The overexpression of CRABP2 within C643 cells increased expression of E-cadherin as well as vimentin. CRABP2 also increased the expression of vimentin and N-cadherin. These results suggest that CRABP2 can be overexpressed in order to improve the cell's process. This is consistent with previous studies that indicated that MAP3K7 was linked to the progression of cancer.
In a previous study, siRNAs targeted at MAP3K7 were transfected into SK-HEP-1 and Huh7 cells. The cells were then subjected to cell-migration assays. ImageJ software was used to measure the results. The proliferation of HCC primary cells was also decreased by the knockdown of MAP3K7. The cells were then given to mice and studied for proliferation and migration.

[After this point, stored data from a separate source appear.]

End InnerProduct.

Section Smoothness.
Context {R : realType} {dmn : nat}.
Local Notation vec := 'rV[R]_dmn.
Context {F : vec -> R} {gradF : vec -> vec} {beta : R}.
Hypothesis HgF : has_gradient F gradF.
Hypothesis beta_gt0 : 0 < beta.
Hypothesis Hsmooth : forall w w', Num.sqrt (sqnorm (gradF w - gradF w'))
                                    <= beta * Num.sqrt (sqnorm (w - w')).

Lemma derive_along_line (w h : vec) (t : R) :
  is_derive t 1 (fun s => F (w + s *: h)) (dotv (gradF (w + t *: h)) h).
Proof.
pose psi s := F (w + s *: h).
change (is_derive t 1 psi (dotv (gradF (w + t *: h)) h)).
have [dF gF] := HgF (w + t *: h).
have quotE : (fun s : R => s^-1 *: ((psi \o shift t) (s *: 1) - psi t)) =
    (fun s : R => s^-1 *: ((F \o shift (w + t *: h)) (s *: h) - F (w + t *: h))).
  apply: funext => s /=; rewrite /psi /= [s *: 1]mulr1 scalerDl.
  by rewrite addrCA.
apply: DeriveDef; first by rewrite /derivable quotE; exact: diff_derivable.
by rewrite /derive quotE -/(derive F _ h) deriveE // gF.
Qed.

Lemma descent (w h : vec) :
  F (w + h) <= F w + dotv (gradF w) h + beta / 2 * sqnorm h.
Proof.
set k1 := dotv (gradF w) h; set k2 := beta / 2 * sqnorm h.
pose psi s := F (w + s *: h).
have dpsi t : is_derive t (1 : R) psi (dotv (gradF (w + t *: h)) h).
  exact: derive_along_line.
pose phi := psi - k1 \*: id - k2 \*: id ^+ 2.
have dphi (t : R) :
    is_derive t (1 : R) phi (dotv (gradF (w + t *: h)) h - k1 - k2 * (2 * t)).
  by apply: is_derive_eq; rewrite /= /GRing.scale /=; ring.
have cphi : {within `[0, 1], continuous phi}.
  apply: continuous_subspaceT => t; apply: differentiable_continuous.
  by apply/derivable1_diffP; have [] := dphi t.
have [c /andP[c0 c1] phiE] := MVT ltr01 (fun t _ => dphi t) cphi.
rewrite !bnd_simp in c0 c1.
(* the slope of phi at c is <= 0 by the Lipschitz bound on the gradient *)
have grad_incr : dotv (gradF (w + c *: h) - gradF w) h <= beta * c * sqnorm h.
  apply: dotv_le_sqnorm; first by rewrite mulr_gt0.
  rewrite exprMn -mulrA -sqnormZ; apply: sqnorm_le_of_sqrt; first exact: ltW.
  by have := Hsmooth (w + c *: h) w; rewrite addrAC subrr add0r.
have : phi 1 <= phi 0.
  rewrite -subr_le0 phiE subr0 mulr1 -[dotv (gradF _) h](subrK k1) /k1 -dotvBl.
  have -> : k2 * (2 * c) = beta * c * sqnorm h by rewrite /k2; field.
  by rewrite addrK subr_le0.
have phiE' t : phi t = F (w + t *: h) - k1 * t - k2 * t ^+ 2.
  by rewrite /phi /psi !fctE.
by rewrite !phiE' scale0r addr0 scale1r expr1n expr0n mulr1 !mulr0; lra.
Qed.

Lemma descent_gradient_step (w : vec) :
  F (w + (- beta^-1) *: gradF w) <= F w - (2 * beta)^-1 * sqnorm (gradF w).
Proof.
apply: le_trans (descent _ _) _.
rewrite le_eqVlt; apply/orP; left; apply/eqP.
rewrite dotvZr sqnormZ /sqnorm; field.
by rewrite gt_eqF.
Qed.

Gene silencing of MAP3K7 increases sensitivity to chemotherapeutic drugs in human cancer cells. Inhibition of MAP3K7's function in pancreatic cancer cells enhanced the effectiveness of chemotherapeutics. In mice, the conditional knockout of MAP3K7 causes hepatocyte dysplasia and early hepatocarcinogenesis. In patients suffering from HCC, the protein was significantly higher in tumors than normal tissue adjacent to it.
Boster Bio Anti-AMF makes use of MAP3K7 antibody as part of their Picoband(tm). This antibody reacts to both human and rat protein and can be kept at -20°C for one year and 4°C for one month. This product comes packaged with 5 mg of BSA and also contains recombinant proteins. For more information, please look up the manual for the product.
PMID: 9480845 by Sakurai H., et al. TGF-beta-activated kinase 1 stimulates NF-kappa B activation by an NF-kappa B-inducing kinase-independent mechanism.
PMID: 11118615 by Dempsey C.E., et al. Alternative splicing and gene structure of the transforming growth factor beta-activated kinase 1.